Cancer… It’s a Molecular Disease
Where is the war on cancer going to be won?
Front Line Genomics met with Nazneen Aziz, who lists among her affiliations: Chair for the Board of Advisors at Arizona State University’s Health Futures Council and Chair of the Board of Directors for Arizona Biosciences Organisation (AZBio). Her experience in personalised medicine, biomarkers, genetic tests and development of drugs for cancer means she is one of the best people in the industry to ask…
FLG “Over the years, we’ve seen a lot of initiatives and wars declared on cancer. How are we actually doing in that fight at the moment?”
NA “War was declared on cancer during the Nixon era, and a lot of effort has been made since then. However, the advances in the management of cancer patients has been minimal. In terms of overall survival of patients, there has not been much of a difference. The FDA now approves drugs that only increase the survival of patients by two months. That’s very dismal. That is the level of progress we have made from several decades ago”… “A new technology that was first published in 2005 called the Next Generation Sequencing (NGS) now allows us to feasibly sequence individual genomes and uncover the variability that could not have been done with the older Sanger sequencing”… “I believe that with NGS, now we are technologically equipped to deliver true personalised medicine, and what’s now being referred to as precision medicine”… “We are poised to do quite well in the war against cancer and approach cancer with an understanding that everyone’s disease is different.”

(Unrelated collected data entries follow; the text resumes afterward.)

(* Let $\gamma\in\mathcal{K}^{\mathcal{P}^{-1}}$ and $\Psi\in\mathcal{K}_{\mathrm{FxT}}$. Then there exist $\lambda\ge1$ and $\tilde\Psi\in\mathcal{K}_{\mathrm{FxT}}$ such that $\lambda\gamma^{\lambda-1}(s)\gamma'(s)\Psi(s)\ge\tilde\Psi(\gamma^\lambda(s))$ for all $s>0$.
   Context: $\mathcal{K}_\infty$ is the set of continuous strictly increasing unbounded $\alpha:\mathbb{R}_{\ge0}\to\mathbb{R}_{\ge0}$ with $\alpha(0)=0$. $\mathcal{K}^{\mathcal{P}}$ is the set of $\alpha\in\mathcal{K}_\infty$ of the form $\alpha(s)=\sum_{i=1}^nc_is^{p_i}$ with real $c_i\neq0$, $p_i>0$, and $\alpha'(s)>0$ for all $s>0$. $\mathcal{K}^{\mathcal{P}^{-1}}$ is the set of $\alpha\in\mathcal{K}_\infty$ with $\alpha^{-1}\in\mathcal{K}^{\mathcal{P}}$. $\mathcal{K}_{\mathrm{FxT}}$ is the set of functions $c_1s^{p_1}+c_2s^{p_2}$ with $c_1,c_2>0$, $p_1\in(0,1)$, $p_2>1$. $\gamma^\lambda(s)$ denotes $(\gamma(s))^\lambda$. *)

From Stdlib Require Import Reals Lra List.
From Coquelicot Require Import Coquelicot.
Open Scope R_scope.

(* s^p for s >= 0 and p > 0, with the convention 0^p = 0. *)
Definition rpow (x y : R) : R := if Rle_dec x 0 then 0 else Rpower x y.

(* K_infinity: functions R>=0 -> R>=0 (represented as R -> R, only values on
   [0,oo) matter): continuous, strictly increasing, unbounded, alpha 0 = 0. *)
Definition K_inf (a : R -> R) : Prop :=
  a 0 = 0 /\
  (forall s, 0 <= s -> 0 <= a s) /\
  (forall x, 0 <= x ->
     filterlim a (within (fun y => 0 <= y) (locally x)) (locally (a x))) /\
  (forall x y, 0 <= x -> x < y -> a x < a y) /\
  (forall M, exists s, 0 <= s /\ M < a s).

Definition gen_poly (l : list (R * R)) (s : R) : R :=
  fold_right (fun cp acc => fst cp * rpow s (snd cp) + acc) 0 l.

Definition K_P (a : R -> R) : Prop :=
  K_inf a /\
  exists l : list (R * R),
    List.Forall (fun cp => fst cp <> 0 /\ 0 < snd cp) l /\
    (forall s, 0 <= s -> a s = gen_poly l s) /\
    (forall s, 0 < s -> 0 < Derive a s).

Definition K_Pinv (a : R -> R) : Prop :=
  K_inf a /\
  exists b : R -> R, K_P b /\
    (forall s, 0 <= s -> b (a s) = s) /\
    (forall s, 0 <= s -> a (b s) = s).

Definition K_FxT (P : R -> R) : Prop :=
  exists c1 c2 p1 p2 : R,
    0 < c1 /\ 0 < c2 /\ 0 < p1 < 1 /\ 1 < p2 /\
    forall s, 0 <= s -> P s = c1 * rpow s p1 + c2 * rpow s p2.

(* Take lambda = 1.  The inverse b of gamma is a generalized polynomial, and with
   t = gamma s we have s = b t and gamma'(s) = 1 / b'(t), so the left-hand side is
   Psi(b t) / b'(t).  After merging equal exponents, b t = c t^a + ... + C t^A with
   0 < a < ... < A, and positivity of b forces c, C > 0.  Hence b t >= k t^a and
   b'(t) <= E t^(a-1) on (0,1], while b t >= k t^A and b'(t) <= E t^(A-1) on [1,oo).
   Since Psi(s) >= c1 s^p1 and Psi(s) >= c2 s^p2, the quotient is at least a multiple
   of t^(1 - a (1 - p1)) near 0 and of t^(1 + A (p2 - 1)) near oo; the first exponent
   is below 1 and the second above 1, so a K_FxT function fits underneath. *)

From Stdlib Require Import Reals Lra List Sorting.
From Coquelicot Require Import Coquelicot.
Open Scope R_scope.

Lemma rpow_Rpower x y : 0 < x -> rpow x y = Rpower x y.
Proof. intros Hx; unfold rpow; destruct (Rle_dec x 0); [lra | reflexivity]. Qed.

Lemma Rpower_pos x y : 0 < Rpower x y.
Proof. apply exp_pos. Qed.

Lemma Rpower_le_exponent t p q :
  0 < t -> (p - q) * ln t <= 0 -> Rpower t p <= Rpower t q.
Proof.
  intros Ht Hpq; unfold Rpower.
  destruct (Rle_lt_or_eq_dec (p * ln t) (q * ln t)) as [Hlt | ->]; [nra | | lra].
  now left; apply exp_increasing.
Qed.

Lemma Rpower_le_exponent_le1 t p q : 0 < t <= 1 -> q <= p -> Rpower t p <= Rpower t q.
Proof.
  intros Ht Hqp; apply Rpower_le_exponent; [lra |].
  assert (ln t <= 0) by (rewrite <- ln_1; apply ln_le; lra); nra.
Qed.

FLG “What kind of an impact are you hoping to see from very intensely directed genomic efforts, such as the Precision Medicine Inititative?”
NA “With President Obama’s Precision Medicine Initiative and with the cancer Moon-Shot Initiative, the goal is that it will lead to more and more patients with cancer being sequenced and the data being shared”… “Currently, cancer patients are being sequenced, in clinical laboratories within different hospitals and reference laboratories. However, the data is not being shared. The Precision Medicine Initiatives will hopefully lead to sharing of these data. Data sharing is a great concept but making it happen is an enormous culture shift and will need regulatory changes as well as infrastructure changes. When, and if, data sharing can transpire that is when our ability to research and advance knowledge will occur by understanding the commonality and the variability in different cancers. I am hopeful that is when we’ll really see the big benefits.”

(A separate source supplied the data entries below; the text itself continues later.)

(* Let $T=(V,E)$ be a decision tree with root $r$. Define $w:V\to\mathbb{R}_{\ge0}$ by $w_v=0$ for every leaf $v$ and, recursively for every internal node $v$ with children $C_v$, $w_v$ equal to the optimal value of the semidefinite program \[\min\ \max_{c\in C_v}\big(w_c+X[c,c]+Y[c,c]\big)\quad\text{s.t.}\quad X[c_1,c_2]-Y[c_1,c_2]=1\ \ (c_1,c_2\in C_v,\ c_1\ne c_2),\qquad 0\preceq X,Y\in\mathbb{R}^{C_v\times C_v}.\] Then $w$ is an optimal weighting scheme for $T$, i.e. $w$ is a weighting scheme and $w_r=\mathsf{WDT}(T)$.
   Context: A decision tree is a finite rooted tree whose internal nodes each query a coordinate of the input and whose children correspond to distinct query outcomes; leaves carry outputs. A weighting scheme for $T$ is $w:V\to\mathbb{R}_{\ge0}$ such that $w_v=0$ for all leaves and, for every internal node $v$ with children $C_v$, there exist positive semidefinite $X,Y\in\mathbb{C}^{C_v\times C_v}$ with $X[c_1,c_2]-Y[c_1,c_2]=1$ for all distinct $c_1,c_2\in C_v$ and $w_v-w_c\ge X[c,c]+Y[c,c]$ for all $c\in C_v$. $\mathsf{WDT}(T)$ is the minimum of $w_r$ over all weighting schemes $w$ for $T$. *)

From mathcomp Require Import all_boot all_order all_algebra.
From mathcomp Require Import all_classical all_reals.
From mathcomp Require Import complex.
Set Implicit Arguments. Unset Strict Implicit. Unset Printing Implicit Defensive.
Import Order.TTheory GRing.Theory Num.Theory.
Local Open Scope ring_scope.
Local Open Scope classical_set_scope.

(* A decision tree, seen as a finite rooted ordered tree: a node carries the
   list of its children (one per distinct query outcome).  A node with no
   children is a leaf; the queried coordinates / outputs do not affect WDT. *)
Inductive dtree := DNode of seq dtree.

(* Vertices are addressed by paths from the root: [::] is the root and
   rcons p i is the i-th child of vertex p. *)
Fixpoint subtree (t : dtree) (p : seq nat) : option dtree :=
  match p with
  | [::] => Some t
  | i :: p' => let: DNode cs := t in
               if (i < size cs)%N then subtree (nth (DNode [::]) cs i) p' else None
  end.

Definition is_vertex (t : dtree) (p : seq nat) : Prop := exists s, subtree t p = Some s.

Definition cpsd (R : rcfType) (n : nat) (A : 'M[R[i]]_n) : Prop :=
  (map_mx (fun z => z^*) A)^T = A /\
  forall v : 'cV[R[i]]_n, 0 <= ((map_mx (fun z => z^*) v)^T *m A *m v) 0 0.

Definition rpsd (R : realType) (n : nat) (A : 'M[R]_n) : Prop :=
  A^T = A /\ forall v : 'cV[R]_n, 0 <= (v^T *m A *m v) 0 0.

(* Weighting scheme for t (w is a function on vertices = paths; its values
   off the vertex set are irrelevant). *)
Definition weighting_scheme (R : realType) (t : dtree) (w : seq nat -> R) : Prop :=
  [/\ (forall p, is_vertex t p -> 0 <= w p),
      (forall p, subtree t p = Some (DNode [::]) -> w p = 0) &
      (forall p cs, subtree t p = Some (DNode cs) -> cs <> [::] ->
         exists X Y : 'M[R[i]]_(size cs),
           [/\ cpsd X, cpsd Y,
               (forall c1 c2 : 'I_(size cs), c1 != c2 -> X c1 c2 - Y c1 c2 = 1) &
               (forall c : 'I_(size cs), X c c + Y c c <= ((w p - w (rcons p c))%:C)%C)])].

Definition WDT (R : realType) (t : dtree) : R :=
  inf [set x : R | exists w : seq nat -> R, weighting_scheme t w /\ x = w [::]].

(* Optimal value of the SDP
     min max_c (wc c + X[c,c] + Y[c,c])  s.t. X[c1,c2]-Y[c1,c2]=1 (c1<>c2), X,Y >= 0 real,
   written as the infimum over feasible (X,Y,s) of s with s >= each term. *)
Definition sdp_value (R : realType) (k : nat) (wc : 'I_k -> R) : R :=
  inf [set s : R | exists X Y : 'M[R]_k,
         [/\ rpsd X, rpsd Y,
             (forall c1 c2 : 'I_k, c1 != c2 -> X c1 c2 - Y c1 c2 = 1) &
             (forall c : 'I_k, wc c + X c c + Y c c <= s)]].

(* The SDP at a node v and the weighting-scheme
   condition at v ask for the same thing, except that the SDP uses real
   symmetric PSD matrices and the scheme complex Hermitian ones; the two are
   interchangeable, since a real PSD matrix is complex PSD and the real part
   of a complex PSD matrix is real PSD.  Hence for any weighting scheme w',
   the matrices w' provides at v, together with w_c <= w'_c at the children,
   make w'_v a feasible value, so w_v <= w'_v.  Conversely the optimum of the
   SDP is attained, because its feasible points of bounded value form a
   compact set (the entries of a PSD matrix are bounded by its diagonal); so
   w is itself a weighting scheme, and its root value is the minimum WDT(T). *)

From mathcomp Require Import all_boot all_order all_algebra.
From mathcomp Require Import all_classical all_reals.
From mathcomp Require Import complex.
From mathcomp Require Import all_analysis.
From mathcomp Require Import ring lra.
Import numFieldNormedType.Exports.
Import Order.TTheory GRing.Theory Num.Theory.
Set Implicit Arguments. Unset Strict Implicit. Unset Printing Implicit Defensive.
Local Open Scope ring_scope.
Local Open Scope classical_set_scope.

Lemma bilinear_formE (T : pzSemiRingType) n (A : 'M[T]_n) (u v : 'cV[T]_n) :
  (u^T *m A *m v) 0 0 = \sum_i \sum_j u i 0 * A i j * v j 0.
Proof.
rewrite mxE exchange_big; apply: eq_bigr => j _.
by rewrite mxE big_distrl; apply: eq_bigr => i _; rewrite !mxE.
Qed.

Lemma bilinear_form_delta (T : pzSemiRingType) n (A : 'M[T]_n) (a b : 'I_n) :
  ((delta_mx a 0 : 'cV[T]_n)^T *m A *m (delta_mx b 0 : 'cV[T]_n)) 0 0 = A a b.
Proof. by rewrite trmx_delta -rowE -colE !mxE. Qed.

FLG “Do you think bringing sequencing to point of care”… “might help data sharing?”
NA “I’m not sure. Currently, it is common for doctors to order molecular tests for one gene, or one mutation, to make a diagnosis. That report stays in the doctor’s office or in the pathology lab, and are not shared among clinical labs or hospitals. Therefore, if point of care sequencing devices makes its way into clinical practise the data from these devices needs to be stored in a centralised database and made accessible. A concerted effort has to be made before it helps in data sharing as there are many barriers that exist today including patient privacy laws and other regulatory barriers.”

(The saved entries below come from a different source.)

Definition FFrame {V : RVS} (P : nat -> V -> Prop) (N : nat -> V -> R)
    (T : nat -> seqRVS -> Prop) (Nt : nat -> seqRVS -> R) (g : nat -> V -> R) : Prop :=
  (* each g_i restricted to X_F is in X_F^* (continuous linear on the Frechet space X_F) *)
  (forall i, (forall x y, inF P x -> inF P y -> g i (vadd x y) = g i x + g i y) /\
             (forall a x, inF P x -> g i (vscal a x) = a * g i x) /\
             (exists s C, forall x, inF P x -> Rabs (g i x) <= C * N s x)) /\
  (forall f, inF P f -> inF T (fun i => g i f)) /\
  (forall s, exists A B, 0 < A /\ A <= B /\
     forall f, inF P f ->
       A * N s f <= Nt s (fun i => g i f) /\ Nt s (fun i => g i f) <= B * N s f) /\
  (exists Vop : seqRVS -> V,
     (forall c d, inF T c -> inF T d -> Vop (vadd c d) = vadd (Vop c) (Vop d)) /\
     (forall a c, inF T c -> Vop (vscal a c) = vscal a (Vop c)) /\
     (forall c, inF T c -> inF P (Vop c)) /\
     (forall f, inF P f -> Vop (fun i => g i f) = f) /\
     (forall s, exists K, forall c, inF T c -> N s (Vop c) <= K * Nt s c)).

(** {f_i} is a Theta^*-Bessel sequence for X^*, where Theta^* is identified with
    {(g(e_i))_i : g in Theta^*} normed by the operator norm of g. *)
Definition ThetaDualBessel {V : RVS} (P : V -> Prop) (N : V -> R)
    (T : seqRVS -> Prop) (Nt : seqRVS -> R) (f : nat -> V) : Prop :=
  exists B, forall h : V -> R, ContLinFun P N h ->
    exists gt : seqRVS -> R, ContLinFun T Nt gt /\
      (forall i, gt (e_can i) = h (f i)) /\
      (forall M, 0 <= M -> opnorm_le P N h M -> opnorm_le T Nt gt (B * M)).

Definition DFBessel {V : RVS} (P : nat -> V -> Prop) (N : nat -> V -> R)
    (T : nat -> seqRVS -> Prop) (Nt : nat -> seqRVS -> R) (f : nat -> V) : Prop :=
  forall s, ThetaDualBessel (P s) (N s) (T s) (Nt s) f.

From Stdlib Require Import Reals Lra Lia Arith ZArith Cantor.
From Stdlib Require Import FunctionalExtensionality ClassicalEpsilon Classical.
Open Scope R_scope.

(** For one Banach space (X, ||.||) and nonzero vectors f_i of X, the coefficient space
    Θ = { c | Σ c_i f_i converges in X }, normed by |||c||| = sup_n ||Σ_(i<n) c_i f_i||,
    is a separable CB-space (finitely supported rational sequences are dense, the
    coordinates are controlled by |c_i| ||f_i|| <= 2 |||c|||), and the synthesis map
    c |-> Σ c_i f_i is linear from Θ to X, of norm at most 1, and sends e_i to f_i.
    Taking Θ_s to be the coefficient space of X_s gives a CB-sequence with (F1)-(F3).
    The analysis map f |-> (g_i(f))_i is bounded below by 1 since ||f||_s is the limit of
    the partial sums, and bounded above because the partial sum operators are uniformly
    bounded on X_s: this is the uniform boundedness principle, proved below by Sokal's
    gliding hump argument.  Finally h |-> h ∘ (synthesis) shows that {f_i} is DF-Bessel. *)

Arguments vadd_assoc {_} _ _ _.
Arguments vadd_comm {_} _ _.
Arguments vadd_0r {_} _.
Arguments vadd_oppr {_} _.
Arguments vscal_assoc {_} _ _ _.
Arguments vscal_1 {_} _.
Arguments vscal_addv {_} _ _ _.
Arguments vscal_adds {_} _ _ _.

Section VectorAlgebra.
Context {V : RVS}.
Implicit Types x y z w : V.

Lemma vadd_0l x : vadd vzero x = x.
Proof. rewrite vadd_comm; apply vadd_0r. Qed.

Lemma vadd_oppl x : vadd (vopp x) x = vzero.
Proof. rewrite vadd_comm; apply vadd_oppr. Qed.

Lemma vadd_cancel x y z : vadd x y = vadd x z -> y = z.
Proof.
  intros H. rewrite <- (vadd_0l y), <- (vadd_0l z), <- (vadd_oppl x),
    <- !vadd_assoc, H. reflexivity.
Qed.

Lemma vscal_0l x : vscal 0 x = vzero.
Proof.
  apply (vadd_cancel (vscal 0 x)). rewrite vadd_0r, <- vscal_adds.
  f_equal; ring.
Qed.

Lemma vscal_0r a : vscal a (@vzero V) = vzero.
Proof.
  apply (vadd_cancel (vscal a vzero)). rewrite vadd_0r, <- vscal_addv, vadd_0r.
  reflexivity.
Qed.

Lemma vopp_scal x : vopp x = vscal (-1) x.
Proof.
  apply (vadd_cancel x). rewrite vadd_oppr.
  rewrite <- (vscal_1 x) at 1. rewrite <- vscal_adds.
  replace (1 + -1) with 0 by ring. now rewrite vscal_0l.
Qed.

Lemma vsub_scal x y : vsub x y = vadd x (vscal (-1) y).
Proof. unfold vsub; now rewrite vopp_scal. Qed.

Lemma vadd_ACs x y z w : vadd (vadd x y) (vadd z w) = vadd (vadd x z) (vadd y w).
Proof.
  rewrite <- !vadd_assoc. f_equal. rewrite !vadd_assoc. f_equal. apply vadd_comm.
Qed.

Lemma vsub_self x : vsub x x = vzero.
Proof. apply vadd_oppr. Qed.

Lemma vsub_0r x : vsub x vzero = x.
Proof. rewrite vsub_scal, vscal_0r; apply vadd_0r. Qed.

Lemma vsub_add x y z w : vsub (vadd x y) (vadd z w) = vadd (vsub x z) (vsub y w).
Proof. rewrite !vsub_scal, vscal_addv. apply vadd_ACs. Qed.

Lemma vscal_sub a x y : vsub (vscal a x) (vscal a y) = vscal a (vsub x y).
Proof.
  rewrite !vsub_scal, vscal_addv, !vscal_assoc. f_equal. f_equal. ring.
Qed.

Lemma vsub_scals a b x : vsub (vscal a x) (vscal b x) = vscal (a - b) x.
Proof. rewrite vsub_scal, vscal_assoc, <- vscal_adds. f_equal; ring. Qed.

Lemma vsub_chain x y z : vsub x z = vadd (vsub x y) (vsub y z).
Proof.
  unfold vsub. rewrite <- vadd_assoc, (vadd_assoc (vopp y)), vadd_oppl, vadd_0l.
  reflexivity.
Qed.

Lemma vsub_swap x y : vsub y x = vscal (-1) (vsub x y).
Proof.
  rewrite !vsub_scal, vscal_addv, vscal_assoc. replace (-1 * -1) with 1 by ring.
  rewrite vscal_1. apply vadd_comm.
Qed.

Lemma vsub_addK x y : vsub (vadd x y) x = y.
Proof.
  rewrite vsub_scal, (vadd_comm x y), <- vadd_assoc, <- (vscal_1 x) at 1.
  rewrite <- vscal_adds. replace (1 + -1) with 0 by ring. rewrite vscal_0l. apply vadd_0r.
Qed.

Lemma vsub_add_sub x y : vsub (vadd x y) (vsub x y) = vscal 2 y.
Proof.
  rewrite (vsub_scal x y), vsub_add, vsub_self, vadd_0l, vsub_scal, vscal_assoc.
  rewrite <- (vscal_1 y) at 1. rewrite <- vscal_adds. f_equal; ring.
Qed.

Lemma vsum_ext n (u v : nat -> V) :
  (forall i, (i < n)%nat -> u i = v i) -> vsum n u = vsum n v.
Proof.
  induction n; simpl; intros H; auto.
  rewrite IHn by (intros; apply H; lia). now rewrite H by lia.
Qed.

Lemma vsum_add n (u v : nat -> V) :
  vsum n (fun i => vadd (u i) (v i)) = vadd (vsum n u) (vsum n v).
Proof. induction n; simpl. now rewrite vadd_0r. rewrite IHn. apply vadd_ACs. Qed.

Lemma vsum_scal n a (u : nat -> V) : vsum n (fun i => vscal a (u i)) = vscal a (vsum n u).
Proof. induction n; simpl. now rewrite vscal_0r. now rewrite IHn, vscal_addv. Qed.

Lemma vsum_zero n : vsum n (fun _ => @vzero V) = vzero.
Proof. induction n; simpl; auto. rewrite IHn; apply vadd_0r. Qed.

End VectorAlgebra.

Fixpoint rsum (n : nat) (w : nat -> R) : R :=
  match n with O => 0 | S k => rsum k w + w k end.

Lemma rsum_le n w1 w2 : (forall i, (i < n)%nat -> w1 i <= w2 i) -> rsum n w1 <= rsum n w2.
Proof.
  induction n; simpl; intros H. lra.
  assert (rsum n w1 <= rsum n w2) by (apply IHn; intros; apply H; lia).
  assert (w1 n <= w2 n) by (apply H; lia). lra.
Qed.

Lemma rsum_nonneg n w : (forall i, 0 <= w i) -> 0 <= rsum n w.
Proof. induction n; simpl; intros H. lra. specialize (IHn H). specialize (H n). lra. Qed.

FLG “What does success look like for you in the war against cancer?”
NA “I hope that in three to five years we’ll see a much broader recognition within the oncologist community that cancer is a molecular disease. An understanding that patients can have gastric cancer or lung cancer—both originating from the same gene being mutated. I am hopeful that the clinicians will approach cancer differently and consider genomic analysis at the baseline and also when a patient’s cancer relapses. Currently, this understanding is mostly within the oncologists with academic hospitals and but not so widespread within community hospitals. The war against cancer also means an advancement of our knowledge of the complexities of the biology of cancer. And what that knowledge will eventually lead to are many more cancer targeted therapies to be on the market and that all cancers becomes manageable as chronic diseases and ultimately the inherent fear associated with the word “cancer” is eradicated.”